Data provided.
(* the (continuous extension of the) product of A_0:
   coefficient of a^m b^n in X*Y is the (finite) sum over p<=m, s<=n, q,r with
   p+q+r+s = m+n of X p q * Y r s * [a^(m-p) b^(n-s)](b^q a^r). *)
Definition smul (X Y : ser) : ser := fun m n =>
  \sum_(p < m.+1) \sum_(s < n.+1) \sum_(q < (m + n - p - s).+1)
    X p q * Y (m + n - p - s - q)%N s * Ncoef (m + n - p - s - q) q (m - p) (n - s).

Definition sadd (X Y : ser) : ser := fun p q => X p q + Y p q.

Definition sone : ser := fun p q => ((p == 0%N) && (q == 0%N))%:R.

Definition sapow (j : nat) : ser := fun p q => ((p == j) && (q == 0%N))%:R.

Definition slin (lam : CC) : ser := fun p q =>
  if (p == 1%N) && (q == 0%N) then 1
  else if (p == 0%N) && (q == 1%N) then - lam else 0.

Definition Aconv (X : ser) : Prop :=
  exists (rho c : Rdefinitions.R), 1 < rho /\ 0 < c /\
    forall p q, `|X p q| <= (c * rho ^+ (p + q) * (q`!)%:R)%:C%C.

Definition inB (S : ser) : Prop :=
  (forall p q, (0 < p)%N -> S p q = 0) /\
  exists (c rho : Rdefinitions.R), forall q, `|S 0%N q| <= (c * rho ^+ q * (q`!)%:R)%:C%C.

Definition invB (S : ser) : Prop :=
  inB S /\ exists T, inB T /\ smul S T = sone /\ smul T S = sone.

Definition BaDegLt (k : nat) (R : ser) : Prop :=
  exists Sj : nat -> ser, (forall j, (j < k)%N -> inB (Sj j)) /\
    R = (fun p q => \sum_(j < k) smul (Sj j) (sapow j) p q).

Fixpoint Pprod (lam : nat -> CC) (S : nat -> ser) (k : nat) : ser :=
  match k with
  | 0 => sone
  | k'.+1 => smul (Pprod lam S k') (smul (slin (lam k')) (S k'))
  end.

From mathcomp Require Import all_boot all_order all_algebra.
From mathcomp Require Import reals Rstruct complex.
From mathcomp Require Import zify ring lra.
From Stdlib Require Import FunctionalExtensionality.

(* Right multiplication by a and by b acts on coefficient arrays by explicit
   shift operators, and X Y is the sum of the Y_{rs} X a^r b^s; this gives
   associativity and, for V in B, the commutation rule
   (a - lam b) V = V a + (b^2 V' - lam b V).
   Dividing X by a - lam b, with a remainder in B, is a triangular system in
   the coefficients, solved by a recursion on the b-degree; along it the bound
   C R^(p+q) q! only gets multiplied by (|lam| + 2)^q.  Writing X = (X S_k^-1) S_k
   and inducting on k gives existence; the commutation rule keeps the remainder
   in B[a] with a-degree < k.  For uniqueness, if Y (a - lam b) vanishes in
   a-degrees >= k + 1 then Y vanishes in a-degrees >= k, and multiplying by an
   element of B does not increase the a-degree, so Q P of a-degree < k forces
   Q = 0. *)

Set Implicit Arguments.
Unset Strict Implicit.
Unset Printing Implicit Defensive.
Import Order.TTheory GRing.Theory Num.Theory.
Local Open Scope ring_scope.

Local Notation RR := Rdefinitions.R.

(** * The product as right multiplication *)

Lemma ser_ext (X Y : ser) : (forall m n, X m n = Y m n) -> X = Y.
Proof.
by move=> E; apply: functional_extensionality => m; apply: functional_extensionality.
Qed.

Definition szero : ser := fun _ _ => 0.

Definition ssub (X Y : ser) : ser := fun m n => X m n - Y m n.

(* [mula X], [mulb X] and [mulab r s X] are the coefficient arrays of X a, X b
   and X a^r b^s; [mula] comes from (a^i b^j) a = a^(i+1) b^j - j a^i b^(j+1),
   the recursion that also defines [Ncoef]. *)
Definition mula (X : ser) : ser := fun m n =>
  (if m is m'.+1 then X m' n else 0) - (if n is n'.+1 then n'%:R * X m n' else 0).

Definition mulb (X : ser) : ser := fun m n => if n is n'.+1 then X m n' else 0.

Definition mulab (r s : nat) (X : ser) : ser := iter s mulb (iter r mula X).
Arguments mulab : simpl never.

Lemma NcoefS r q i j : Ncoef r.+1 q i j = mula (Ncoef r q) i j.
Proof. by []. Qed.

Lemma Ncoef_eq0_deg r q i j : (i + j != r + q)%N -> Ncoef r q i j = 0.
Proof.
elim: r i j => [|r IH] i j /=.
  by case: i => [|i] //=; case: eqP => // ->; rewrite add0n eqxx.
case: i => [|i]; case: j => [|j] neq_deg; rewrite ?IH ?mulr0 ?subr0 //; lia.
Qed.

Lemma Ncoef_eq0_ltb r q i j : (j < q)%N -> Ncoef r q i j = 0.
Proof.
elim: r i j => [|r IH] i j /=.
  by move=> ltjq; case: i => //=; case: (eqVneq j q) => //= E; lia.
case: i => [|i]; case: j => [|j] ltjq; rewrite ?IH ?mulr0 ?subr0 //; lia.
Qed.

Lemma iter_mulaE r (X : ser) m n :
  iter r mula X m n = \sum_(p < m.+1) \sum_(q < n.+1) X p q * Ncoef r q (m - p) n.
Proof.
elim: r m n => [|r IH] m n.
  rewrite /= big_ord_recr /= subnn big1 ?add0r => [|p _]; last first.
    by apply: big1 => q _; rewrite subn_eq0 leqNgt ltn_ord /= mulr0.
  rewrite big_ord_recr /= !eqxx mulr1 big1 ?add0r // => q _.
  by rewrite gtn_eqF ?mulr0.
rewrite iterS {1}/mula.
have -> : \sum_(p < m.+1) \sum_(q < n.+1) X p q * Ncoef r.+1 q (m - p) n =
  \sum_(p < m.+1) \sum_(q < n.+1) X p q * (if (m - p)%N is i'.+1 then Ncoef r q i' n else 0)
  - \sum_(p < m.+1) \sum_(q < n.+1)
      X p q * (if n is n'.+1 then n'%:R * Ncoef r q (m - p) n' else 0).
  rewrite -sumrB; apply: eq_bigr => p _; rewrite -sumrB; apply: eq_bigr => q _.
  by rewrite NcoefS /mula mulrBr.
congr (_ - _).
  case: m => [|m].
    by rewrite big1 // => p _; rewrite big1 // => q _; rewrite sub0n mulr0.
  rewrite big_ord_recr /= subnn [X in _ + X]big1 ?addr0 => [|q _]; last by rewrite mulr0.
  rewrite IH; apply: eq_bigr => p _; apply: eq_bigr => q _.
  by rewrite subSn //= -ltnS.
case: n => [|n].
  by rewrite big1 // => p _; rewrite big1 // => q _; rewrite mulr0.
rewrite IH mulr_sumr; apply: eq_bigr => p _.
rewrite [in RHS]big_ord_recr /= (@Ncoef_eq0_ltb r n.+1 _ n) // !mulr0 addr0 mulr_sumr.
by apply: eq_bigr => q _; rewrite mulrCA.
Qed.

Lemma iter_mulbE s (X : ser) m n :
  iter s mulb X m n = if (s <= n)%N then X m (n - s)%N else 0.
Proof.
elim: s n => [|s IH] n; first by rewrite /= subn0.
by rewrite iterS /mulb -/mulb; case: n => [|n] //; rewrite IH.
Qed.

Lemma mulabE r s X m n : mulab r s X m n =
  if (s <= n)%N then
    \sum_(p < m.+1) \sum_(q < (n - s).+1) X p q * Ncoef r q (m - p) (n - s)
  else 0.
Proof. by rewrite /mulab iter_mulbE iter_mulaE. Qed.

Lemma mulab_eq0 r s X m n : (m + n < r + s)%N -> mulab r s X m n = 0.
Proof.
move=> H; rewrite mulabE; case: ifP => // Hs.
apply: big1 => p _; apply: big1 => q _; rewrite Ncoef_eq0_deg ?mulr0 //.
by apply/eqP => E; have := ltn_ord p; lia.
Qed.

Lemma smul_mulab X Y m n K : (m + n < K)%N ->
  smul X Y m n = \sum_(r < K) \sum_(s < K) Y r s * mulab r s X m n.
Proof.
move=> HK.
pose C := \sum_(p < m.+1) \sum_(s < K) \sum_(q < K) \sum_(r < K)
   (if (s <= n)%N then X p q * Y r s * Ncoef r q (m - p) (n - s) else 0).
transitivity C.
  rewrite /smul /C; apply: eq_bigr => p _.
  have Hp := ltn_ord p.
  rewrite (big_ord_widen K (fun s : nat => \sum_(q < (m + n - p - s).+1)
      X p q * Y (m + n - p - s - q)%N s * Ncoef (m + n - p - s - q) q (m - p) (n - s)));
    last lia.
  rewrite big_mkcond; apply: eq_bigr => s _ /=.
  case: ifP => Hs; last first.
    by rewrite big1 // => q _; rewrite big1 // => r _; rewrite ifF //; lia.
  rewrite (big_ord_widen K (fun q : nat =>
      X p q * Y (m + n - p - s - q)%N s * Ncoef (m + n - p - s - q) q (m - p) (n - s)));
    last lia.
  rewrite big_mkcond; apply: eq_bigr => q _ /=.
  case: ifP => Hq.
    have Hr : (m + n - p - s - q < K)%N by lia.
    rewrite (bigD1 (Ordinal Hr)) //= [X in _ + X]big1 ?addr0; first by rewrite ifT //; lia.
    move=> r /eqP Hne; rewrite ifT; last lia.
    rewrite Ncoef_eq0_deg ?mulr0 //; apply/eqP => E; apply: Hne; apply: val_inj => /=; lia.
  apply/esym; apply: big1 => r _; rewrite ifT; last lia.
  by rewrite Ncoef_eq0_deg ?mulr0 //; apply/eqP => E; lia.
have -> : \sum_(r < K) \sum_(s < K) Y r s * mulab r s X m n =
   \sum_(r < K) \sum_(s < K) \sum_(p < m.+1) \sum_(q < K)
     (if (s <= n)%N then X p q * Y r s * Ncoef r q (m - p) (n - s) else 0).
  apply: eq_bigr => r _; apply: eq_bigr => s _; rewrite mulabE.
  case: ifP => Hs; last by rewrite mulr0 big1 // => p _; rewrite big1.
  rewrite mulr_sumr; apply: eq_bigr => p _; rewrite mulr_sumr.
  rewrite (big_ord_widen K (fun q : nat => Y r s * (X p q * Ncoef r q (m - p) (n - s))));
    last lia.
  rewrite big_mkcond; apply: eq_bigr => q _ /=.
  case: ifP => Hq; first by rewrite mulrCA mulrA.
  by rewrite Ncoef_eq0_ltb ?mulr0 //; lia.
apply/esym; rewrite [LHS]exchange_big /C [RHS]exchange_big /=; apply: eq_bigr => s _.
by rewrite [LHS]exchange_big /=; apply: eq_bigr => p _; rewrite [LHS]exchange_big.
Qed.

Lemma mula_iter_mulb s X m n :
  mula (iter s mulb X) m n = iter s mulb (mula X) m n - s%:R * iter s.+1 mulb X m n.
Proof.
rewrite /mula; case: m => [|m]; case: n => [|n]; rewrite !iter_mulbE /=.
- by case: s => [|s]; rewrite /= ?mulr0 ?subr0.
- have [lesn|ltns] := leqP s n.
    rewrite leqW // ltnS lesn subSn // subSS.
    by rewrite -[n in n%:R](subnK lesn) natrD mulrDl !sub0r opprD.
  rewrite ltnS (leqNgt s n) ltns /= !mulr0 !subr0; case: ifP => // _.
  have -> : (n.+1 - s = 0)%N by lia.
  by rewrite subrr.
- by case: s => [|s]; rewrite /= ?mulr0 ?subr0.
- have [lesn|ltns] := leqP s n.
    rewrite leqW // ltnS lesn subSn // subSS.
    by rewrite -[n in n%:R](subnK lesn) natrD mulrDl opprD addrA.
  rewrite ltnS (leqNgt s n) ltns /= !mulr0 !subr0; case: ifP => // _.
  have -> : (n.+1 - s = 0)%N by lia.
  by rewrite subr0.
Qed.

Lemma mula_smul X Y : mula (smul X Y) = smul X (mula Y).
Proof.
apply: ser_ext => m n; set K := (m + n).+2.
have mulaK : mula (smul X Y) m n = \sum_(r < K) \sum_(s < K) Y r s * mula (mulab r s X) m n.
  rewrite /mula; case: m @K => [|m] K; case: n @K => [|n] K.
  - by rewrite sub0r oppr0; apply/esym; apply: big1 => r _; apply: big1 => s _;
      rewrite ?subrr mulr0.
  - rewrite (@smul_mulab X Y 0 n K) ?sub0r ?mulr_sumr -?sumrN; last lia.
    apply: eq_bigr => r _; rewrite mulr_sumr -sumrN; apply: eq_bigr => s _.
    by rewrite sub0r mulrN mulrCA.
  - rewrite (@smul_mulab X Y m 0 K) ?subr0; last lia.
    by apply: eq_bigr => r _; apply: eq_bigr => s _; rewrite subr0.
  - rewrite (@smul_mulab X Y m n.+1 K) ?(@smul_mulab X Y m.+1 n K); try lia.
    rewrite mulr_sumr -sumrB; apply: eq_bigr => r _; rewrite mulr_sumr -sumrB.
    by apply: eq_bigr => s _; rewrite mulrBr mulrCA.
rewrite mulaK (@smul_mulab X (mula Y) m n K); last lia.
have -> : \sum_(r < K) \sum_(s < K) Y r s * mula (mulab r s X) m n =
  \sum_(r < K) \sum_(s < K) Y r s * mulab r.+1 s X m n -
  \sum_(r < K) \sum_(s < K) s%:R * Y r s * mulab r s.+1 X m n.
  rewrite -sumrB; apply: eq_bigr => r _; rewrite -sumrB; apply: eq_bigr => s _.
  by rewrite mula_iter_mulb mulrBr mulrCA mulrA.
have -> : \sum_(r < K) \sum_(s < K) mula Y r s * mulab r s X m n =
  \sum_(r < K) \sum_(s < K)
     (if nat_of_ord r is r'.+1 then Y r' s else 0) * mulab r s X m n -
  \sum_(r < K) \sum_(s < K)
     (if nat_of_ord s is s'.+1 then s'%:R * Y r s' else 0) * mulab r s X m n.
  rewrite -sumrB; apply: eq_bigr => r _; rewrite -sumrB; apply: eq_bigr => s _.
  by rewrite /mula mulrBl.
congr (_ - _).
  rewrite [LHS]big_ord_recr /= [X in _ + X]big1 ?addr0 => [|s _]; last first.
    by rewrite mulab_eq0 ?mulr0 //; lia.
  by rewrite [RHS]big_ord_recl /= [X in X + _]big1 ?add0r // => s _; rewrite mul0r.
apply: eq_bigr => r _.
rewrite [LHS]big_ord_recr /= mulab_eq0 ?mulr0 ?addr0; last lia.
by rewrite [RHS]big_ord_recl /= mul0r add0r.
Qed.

Directions. Search the entries above for the string "Local", and report each line where it occurs.

Written answer.
Local Open Scope ring_scope.
Local Notation RR := Rdefinitions.R.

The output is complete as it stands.